▶ PROMPT:
In the material below, how many lines contain "progressing"? Answer with the number alone.

▶ ENTRIES SHOWN:

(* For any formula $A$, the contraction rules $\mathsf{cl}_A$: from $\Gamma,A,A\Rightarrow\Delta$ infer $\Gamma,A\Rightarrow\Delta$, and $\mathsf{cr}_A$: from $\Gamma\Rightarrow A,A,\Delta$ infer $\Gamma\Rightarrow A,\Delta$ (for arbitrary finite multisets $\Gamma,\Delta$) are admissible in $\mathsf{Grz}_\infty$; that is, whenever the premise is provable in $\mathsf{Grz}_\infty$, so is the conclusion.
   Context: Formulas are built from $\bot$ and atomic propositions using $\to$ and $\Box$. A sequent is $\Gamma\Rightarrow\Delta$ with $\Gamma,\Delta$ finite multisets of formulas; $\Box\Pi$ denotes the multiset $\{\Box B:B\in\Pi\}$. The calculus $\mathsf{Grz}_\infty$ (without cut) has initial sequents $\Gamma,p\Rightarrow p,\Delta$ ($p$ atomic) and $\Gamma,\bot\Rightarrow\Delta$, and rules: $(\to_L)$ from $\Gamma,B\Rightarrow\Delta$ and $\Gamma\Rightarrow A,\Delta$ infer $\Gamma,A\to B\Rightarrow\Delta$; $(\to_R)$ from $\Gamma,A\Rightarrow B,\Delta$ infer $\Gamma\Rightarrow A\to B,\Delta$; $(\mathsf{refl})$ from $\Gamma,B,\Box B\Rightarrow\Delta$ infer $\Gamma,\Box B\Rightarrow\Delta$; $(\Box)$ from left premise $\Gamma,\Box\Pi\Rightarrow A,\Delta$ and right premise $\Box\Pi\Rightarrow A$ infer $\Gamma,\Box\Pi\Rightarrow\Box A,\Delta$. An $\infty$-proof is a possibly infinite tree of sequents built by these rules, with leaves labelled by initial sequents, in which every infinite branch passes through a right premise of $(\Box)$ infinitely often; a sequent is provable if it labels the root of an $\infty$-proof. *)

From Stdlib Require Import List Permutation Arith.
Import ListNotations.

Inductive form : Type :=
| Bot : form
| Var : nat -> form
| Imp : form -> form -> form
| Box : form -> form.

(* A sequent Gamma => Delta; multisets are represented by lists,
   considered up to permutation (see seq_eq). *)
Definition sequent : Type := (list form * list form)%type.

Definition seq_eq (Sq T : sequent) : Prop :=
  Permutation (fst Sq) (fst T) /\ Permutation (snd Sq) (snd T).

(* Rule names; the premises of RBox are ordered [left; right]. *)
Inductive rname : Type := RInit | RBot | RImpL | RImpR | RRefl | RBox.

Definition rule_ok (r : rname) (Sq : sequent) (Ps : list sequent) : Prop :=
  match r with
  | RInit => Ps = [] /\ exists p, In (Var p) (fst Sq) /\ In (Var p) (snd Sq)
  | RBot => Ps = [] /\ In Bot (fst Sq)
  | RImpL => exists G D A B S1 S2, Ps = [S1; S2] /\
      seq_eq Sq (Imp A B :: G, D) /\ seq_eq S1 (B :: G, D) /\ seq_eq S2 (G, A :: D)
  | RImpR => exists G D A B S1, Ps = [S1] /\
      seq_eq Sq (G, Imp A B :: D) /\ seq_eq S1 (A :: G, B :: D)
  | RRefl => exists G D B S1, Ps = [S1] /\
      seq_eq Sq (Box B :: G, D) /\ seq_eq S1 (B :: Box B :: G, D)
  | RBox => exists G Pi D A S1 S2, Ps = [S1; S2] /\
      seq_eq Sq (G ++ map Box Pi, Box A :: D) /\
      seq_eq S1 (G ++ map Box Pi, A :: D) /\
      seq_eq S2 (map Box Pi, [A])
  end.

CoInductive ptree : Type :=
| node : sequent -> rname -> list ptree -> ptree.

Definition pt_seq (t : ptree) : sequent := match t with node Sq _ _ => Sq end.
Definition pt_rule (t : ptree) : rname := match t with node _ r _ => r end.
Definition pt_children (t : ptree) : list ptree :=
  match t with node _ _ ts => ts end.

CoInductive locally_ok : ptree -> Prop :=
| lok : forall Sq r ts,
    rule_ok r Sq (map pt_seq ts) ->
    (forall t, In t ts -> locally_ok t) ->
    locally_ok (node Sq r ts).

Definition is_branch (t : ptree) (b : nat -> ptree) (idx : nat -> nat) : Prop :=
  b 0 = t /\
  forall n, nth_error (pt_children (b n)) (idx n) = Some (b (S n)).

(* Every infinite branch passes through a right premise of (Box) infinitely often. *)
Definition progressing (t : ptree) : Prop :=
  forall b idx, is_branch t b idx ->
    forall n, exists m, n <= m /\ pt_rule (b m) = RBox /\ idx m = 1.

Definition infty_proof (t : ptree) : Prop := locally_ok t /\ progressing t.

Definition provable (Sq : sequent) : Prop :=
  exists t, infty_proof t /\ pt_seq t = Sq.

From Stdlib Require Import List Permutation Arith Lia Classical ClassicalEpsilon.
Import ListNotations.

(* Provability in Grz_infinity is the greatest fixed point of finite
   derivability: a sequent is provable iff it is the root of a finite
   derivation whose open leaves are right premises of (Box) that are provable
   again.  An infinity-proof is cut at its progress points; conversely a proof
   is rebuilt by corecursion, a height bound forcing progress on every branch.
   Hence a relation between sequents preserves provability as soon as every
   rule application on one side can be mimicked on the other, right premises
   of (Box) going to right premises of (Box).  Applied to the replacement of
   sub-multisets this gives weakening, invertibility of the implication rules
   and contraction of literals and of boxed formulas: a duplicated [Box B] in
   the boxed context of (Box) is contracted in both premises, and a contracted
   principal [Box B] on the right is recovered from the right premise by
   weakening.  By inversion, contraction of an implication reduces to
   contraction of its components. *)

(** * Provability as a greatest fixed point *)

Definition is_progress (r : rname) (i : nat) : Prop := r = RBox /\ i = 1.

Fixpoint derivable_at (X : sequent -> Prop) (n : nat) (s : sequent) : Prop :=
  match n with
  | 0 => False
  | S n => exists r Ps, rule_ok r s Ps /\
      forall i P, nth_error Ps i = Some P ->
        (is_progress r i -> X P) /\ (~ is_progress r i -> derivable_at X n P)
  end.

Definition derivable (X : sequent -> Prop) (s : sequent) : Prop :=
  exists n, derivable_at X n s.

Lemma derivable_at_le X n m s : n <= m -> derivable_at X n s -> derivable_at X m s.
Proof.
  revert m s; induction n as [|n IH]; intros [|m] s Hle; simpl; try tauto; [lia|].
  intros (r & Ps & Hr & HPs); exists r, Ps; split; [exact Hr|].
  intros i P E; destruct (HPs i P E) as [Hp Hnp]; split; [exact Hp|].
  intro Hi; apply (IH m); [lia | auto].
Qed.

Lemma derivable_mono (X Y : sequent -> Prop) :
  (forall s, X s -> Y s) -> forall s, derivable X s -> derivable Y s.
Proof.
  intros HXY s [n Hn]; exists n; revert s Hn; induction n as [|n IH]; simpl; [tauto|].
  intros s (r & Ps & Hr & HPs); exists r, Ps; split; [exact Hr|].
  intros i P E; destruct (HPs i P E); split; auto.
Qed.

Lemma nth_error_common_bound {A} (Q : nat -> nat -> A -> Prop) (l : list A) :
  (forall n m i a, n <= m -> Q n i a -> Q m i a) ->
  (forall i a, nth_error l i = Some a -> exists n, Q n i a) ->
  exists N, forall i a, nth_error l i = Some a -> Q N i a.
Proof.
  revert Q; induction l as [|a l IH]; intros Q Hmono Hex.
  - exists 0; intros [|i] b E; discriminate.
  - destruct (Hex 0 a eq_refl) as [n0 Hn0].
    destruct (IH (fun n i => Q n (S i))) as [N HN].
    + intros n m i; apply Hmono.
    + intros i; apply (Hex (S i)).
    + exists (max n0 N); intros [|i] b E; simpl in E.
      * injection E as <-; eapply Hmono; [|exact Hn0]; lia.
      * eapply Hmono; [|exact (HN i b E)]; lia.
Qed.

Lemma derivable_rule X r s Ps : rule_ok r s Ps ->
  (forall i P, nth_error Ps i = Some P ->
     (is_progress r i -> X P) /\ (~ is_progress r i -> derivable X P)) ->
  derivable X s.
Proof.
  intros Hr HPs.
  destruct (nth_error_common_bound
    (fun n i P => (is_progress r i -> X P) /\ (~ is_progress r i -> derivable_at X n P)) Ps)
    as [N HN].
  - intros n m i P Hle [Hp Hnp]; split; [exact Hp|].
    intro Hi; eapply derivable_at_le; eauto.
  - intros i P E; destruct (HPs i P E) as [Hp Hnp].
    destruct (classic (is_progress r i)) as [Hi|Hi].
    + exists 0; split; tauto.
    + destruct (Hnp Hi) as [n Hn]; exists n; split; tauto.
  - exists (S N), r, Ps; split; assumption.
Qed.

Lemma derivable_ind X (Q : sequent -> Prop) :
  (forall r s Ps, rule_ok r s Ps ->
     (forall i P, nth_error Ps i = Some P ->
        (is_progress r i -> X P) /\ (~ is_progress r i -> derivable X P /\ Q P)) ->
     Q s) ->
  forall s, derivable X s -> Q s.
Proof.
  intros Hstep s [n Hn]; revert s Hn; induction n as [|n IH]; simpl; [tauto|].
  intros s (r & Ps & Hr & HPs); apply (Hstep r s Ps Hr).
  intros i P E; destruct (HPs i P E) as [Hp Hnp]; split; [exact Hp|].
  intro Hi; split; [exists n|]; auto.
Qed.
==
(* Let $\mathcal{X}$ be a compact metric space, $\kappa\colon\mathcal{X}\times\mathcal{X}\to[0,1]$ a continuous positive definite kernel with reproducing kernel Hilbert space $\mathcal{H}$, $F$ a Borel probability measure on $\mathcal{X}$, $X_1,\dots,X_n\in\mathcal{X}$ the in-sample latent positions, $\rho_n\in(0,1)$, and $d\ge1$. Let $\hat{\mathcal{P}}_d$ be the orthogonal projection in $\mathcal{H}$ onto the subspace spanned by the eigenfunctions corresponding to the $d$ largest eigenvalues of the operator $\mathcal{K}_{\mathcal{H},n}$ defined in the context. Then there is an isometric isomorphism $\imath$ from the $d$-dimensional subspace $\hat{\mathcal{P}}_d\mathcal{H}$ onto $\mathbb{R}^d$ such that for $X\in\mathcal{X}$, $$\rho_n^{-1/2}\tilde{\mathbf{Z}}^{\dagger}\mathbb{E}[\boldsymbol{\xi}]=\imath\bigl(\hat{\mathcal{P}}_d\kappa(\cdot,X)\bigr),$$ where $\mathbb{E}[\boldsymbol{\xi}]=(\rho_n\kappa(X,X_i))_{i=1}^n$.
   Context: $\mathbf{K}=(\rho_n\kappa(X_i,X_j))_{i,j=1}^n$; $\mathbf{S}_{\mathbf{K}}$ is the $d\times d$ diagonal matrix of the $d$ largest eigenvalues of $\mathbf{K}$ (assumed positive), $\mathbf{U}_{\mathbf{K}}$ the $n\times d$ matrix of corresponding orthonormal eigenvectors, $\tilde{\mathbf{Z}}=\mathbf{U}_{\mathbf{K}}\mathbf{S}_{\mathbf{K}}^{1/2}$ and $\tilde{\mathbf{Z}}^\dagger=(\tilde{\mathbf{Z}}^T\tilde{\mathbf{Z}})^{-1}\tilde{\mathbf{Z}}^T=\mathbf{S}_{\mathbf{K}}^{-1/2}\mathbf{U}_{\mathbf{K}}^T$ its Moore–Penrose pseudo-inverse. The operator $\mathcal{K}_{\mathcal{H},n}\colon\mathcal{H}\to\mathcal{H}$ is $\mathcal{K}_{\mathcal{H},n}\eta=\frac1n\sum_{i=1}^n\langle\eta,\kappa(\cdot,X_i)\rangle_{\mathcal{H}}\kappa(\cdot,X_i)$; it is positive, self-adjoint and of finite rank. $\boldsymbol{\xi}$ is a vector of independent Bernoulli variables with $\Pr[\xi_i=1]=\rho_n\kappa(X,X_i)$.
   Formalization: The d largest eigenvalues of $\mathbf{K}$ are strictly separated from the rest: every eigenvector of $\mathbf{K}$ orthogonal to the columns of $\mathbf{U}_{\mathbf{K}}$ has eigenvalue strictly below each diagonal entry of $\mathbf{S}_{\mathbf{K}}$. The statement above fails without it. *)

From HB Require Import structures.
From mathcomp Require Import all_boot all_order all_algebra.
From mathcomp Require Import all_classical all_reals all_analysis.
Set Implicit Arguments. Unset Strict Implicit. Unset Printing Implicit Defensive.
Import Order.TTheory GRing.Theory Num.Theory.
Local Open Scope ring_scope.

▶ TASK ANSWER:
2